* [Working data]:
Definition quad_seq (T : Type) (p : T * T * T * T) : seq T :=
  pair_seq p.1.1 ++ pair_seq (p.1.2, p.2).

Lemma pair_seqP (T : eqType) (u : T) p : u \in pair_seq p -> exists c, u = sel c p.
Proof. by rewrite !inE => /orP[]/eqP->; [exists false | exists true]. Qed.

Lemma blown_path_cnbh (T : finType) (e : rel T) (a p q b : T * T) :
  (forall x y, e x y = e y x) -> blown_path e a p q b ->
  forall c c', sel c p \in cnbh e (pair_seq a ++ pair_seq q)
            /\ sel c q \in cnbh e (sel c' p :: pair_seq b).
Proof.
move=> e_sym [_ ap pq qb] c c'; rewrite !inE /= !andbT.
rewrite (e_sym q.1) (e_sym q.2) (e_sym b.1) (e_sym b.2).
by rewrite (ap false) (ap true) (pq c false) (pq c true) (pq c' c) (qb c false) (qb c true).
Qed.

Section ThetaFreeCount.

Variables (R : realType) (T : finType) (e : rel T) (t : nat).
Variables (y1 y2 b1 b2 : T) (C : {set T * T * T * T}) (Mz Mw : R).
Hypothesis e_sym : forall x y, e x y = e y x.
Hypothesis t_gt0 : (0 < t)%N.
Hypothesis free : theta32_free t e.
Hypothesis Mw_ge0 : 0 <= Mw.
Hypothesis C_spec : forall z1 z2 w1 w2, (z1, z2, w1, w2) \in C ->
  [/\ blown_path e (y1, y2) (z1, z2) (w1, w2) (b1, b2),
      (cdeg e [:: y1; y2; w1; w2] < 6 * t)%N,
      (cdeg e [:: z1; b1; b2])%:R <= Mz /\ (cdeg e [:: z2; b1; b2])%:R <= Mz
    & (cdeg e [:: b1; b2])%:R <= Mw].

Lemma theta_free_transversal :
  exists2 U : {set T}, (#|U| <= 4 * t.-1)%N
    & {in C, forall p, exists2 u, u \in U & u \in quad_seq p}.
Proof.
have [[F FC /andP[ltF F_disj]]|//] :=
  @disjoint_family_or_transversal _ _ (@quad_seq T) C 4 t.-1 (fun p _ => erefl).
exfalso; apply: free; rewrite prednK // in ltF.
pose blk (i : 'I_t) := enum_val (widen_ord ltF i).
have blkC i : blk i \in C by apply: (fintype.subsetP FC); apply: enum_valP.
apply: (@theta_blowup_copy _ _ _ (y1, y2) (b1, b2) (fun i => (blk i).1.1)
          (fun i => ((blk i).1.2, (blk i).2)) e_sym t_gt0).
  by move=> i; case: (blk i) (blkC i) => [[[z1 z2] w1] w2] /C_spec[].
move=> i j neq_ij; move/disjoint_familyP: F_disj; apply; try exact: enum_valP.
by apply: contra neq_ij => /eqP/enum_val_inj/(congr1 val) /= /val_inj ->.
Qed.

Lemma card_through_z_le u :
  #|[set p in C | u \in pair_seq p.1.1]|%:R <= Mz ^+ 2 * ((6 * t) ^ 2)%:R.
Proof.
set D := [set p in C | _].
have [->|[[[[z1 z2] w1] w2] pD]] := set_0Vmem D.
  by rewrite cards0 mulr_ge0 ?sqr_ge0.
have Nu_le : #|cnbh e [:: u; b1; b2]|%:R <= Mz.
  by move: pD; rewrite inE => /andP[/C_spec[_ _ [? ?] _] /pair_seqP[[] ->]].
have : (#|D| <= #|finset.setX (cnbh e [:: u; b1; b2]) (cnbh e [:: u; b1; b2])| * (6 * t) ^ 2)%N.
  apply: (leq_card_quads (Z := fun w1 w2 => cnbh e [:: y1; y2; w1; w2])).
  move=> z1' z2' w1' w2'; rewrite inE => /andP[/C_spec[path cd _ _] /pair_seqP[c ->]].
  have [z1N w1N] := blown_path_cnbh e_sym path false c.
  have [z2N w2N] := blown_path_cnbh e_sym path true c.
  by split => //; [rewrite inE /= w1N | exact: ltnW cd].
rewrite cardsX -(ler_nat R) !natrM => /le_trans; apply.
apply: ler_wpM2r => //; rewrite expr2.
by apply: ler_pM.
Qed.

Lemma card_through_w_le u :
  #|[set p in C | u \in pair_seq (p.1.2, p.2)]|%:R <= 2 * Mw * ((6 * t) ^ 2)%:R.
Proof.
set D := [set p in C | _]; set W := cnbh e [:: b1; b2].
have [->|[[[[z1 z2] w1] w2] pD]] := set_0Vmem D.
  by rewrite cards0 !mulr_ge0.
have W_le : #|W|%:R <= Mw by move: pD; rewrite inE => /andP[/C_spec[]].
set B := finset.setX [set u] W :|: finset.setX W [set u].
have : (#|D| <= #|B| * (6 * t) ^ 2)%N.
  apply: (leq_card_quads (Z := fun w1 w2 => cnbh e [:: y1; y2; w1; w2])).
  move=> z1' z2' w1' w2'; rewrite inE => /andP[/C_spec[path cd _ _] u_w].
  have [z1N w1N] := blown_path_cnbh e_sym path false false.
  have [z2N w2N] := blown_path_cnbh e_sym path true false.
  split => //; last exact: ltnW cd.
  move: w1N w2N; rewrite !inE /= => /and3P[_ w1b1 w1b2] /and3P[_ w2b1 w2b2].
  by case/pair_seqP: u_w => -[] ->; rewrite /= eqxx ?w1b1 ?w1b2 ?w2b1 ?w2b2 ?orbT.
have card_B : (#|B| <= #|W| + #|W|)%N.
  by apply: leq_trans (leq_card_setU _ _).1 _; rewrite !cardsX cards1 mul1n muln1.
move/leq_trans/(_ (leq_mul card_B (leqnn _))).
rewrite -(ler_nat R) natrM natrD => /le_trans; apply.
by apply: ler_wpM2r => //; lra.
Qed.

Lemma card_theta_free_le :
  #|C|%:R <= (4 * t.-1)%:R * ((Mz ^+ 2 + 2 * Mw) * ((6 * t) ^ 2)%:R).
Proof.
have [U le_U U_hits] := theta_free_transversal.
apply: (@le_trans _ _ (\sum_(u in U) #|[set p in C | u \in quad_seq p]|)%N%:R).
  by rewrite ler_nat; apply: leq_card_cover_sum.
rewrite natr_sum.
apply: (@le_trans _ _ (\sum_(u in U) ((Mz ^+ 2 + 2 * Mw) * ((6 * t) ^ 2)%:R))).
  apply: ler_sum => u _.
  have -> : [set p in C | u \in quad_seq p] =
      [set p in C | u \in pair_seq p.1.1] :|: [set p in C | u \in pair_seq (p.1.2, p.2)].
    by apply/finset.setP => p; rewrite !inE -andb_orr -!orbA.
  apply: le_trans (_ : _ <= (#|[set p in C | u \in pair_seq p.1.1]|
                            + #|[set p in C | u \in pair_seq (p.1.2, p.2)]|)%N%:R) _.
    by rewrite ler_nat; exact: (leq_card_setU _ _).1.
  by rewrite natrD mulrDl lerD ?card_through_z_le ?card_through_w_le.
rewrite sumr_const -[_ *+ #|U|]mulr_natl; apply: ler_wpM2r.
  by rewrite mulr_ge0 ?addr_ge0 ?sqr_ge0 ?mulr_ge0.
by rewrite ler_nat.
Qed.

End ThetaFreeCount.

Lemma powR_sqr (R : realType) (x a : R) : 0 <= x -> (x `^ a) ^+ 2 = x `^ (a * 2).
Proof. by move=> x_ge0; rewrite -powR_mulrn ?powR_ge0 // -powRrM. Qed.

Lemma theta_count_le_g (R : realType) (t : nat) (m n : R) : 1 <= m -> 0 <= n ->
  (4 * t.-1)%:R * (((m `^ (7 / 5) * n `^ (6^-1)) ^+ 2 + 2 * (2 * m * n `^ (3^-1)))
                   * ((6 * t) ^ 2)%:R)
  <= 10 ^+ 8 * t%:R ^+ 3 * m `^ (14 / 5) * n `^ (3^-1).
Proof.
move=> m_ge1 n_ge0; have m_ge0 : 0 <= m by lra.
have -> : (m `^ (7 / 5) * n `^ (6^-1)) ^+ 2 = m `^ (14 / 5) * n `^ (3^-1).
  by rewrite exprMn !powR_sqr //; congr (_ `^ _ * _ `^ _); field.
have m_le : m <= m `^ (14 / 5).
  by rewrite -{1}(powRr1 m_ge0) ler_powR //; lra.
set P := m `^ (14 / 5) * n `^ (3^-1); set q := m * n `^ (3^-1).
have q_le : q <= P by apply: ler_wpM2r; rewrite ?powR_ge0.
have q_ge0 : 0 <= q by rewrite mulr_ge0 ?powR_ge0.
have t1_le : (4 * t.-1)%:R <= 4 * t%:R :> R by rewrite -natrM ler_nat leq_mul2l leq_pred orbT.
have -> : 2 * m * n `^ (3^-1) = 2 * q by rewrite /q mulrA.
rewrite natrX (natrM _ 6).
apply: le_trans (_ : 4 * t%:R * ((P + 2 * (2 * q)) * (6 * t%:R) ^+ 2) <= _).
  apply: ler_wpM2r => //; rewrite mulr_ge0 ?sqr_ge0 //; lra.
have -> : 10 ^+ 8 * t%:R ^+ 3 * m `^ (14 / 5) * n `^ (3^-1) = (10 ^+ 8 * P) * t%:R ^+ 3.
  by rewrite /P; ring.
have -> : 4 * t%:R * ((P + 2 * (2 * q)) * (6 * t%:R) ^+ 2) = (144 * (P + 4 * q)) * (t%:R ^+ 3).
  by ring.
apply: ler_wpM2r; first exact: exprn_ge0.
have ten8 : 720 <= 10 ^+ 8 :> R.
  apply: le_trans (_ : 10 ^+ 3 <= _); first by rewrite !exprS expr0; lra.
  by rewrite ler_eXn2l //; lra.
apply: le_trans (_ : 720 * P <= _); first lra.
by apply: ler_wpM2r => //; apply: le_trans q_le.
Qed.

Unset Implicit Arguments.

* [Exercise aim]:
Retype exactly, and only, the lines that run from the one with "by apply: ler_wpM2r => //; apply: le_trans" through the final line of the entries.

* [Result for this task]:
by apply: ler_wpM2r => //; apply: le_trans q_le.
Qed.

Unset Implicit Arguments.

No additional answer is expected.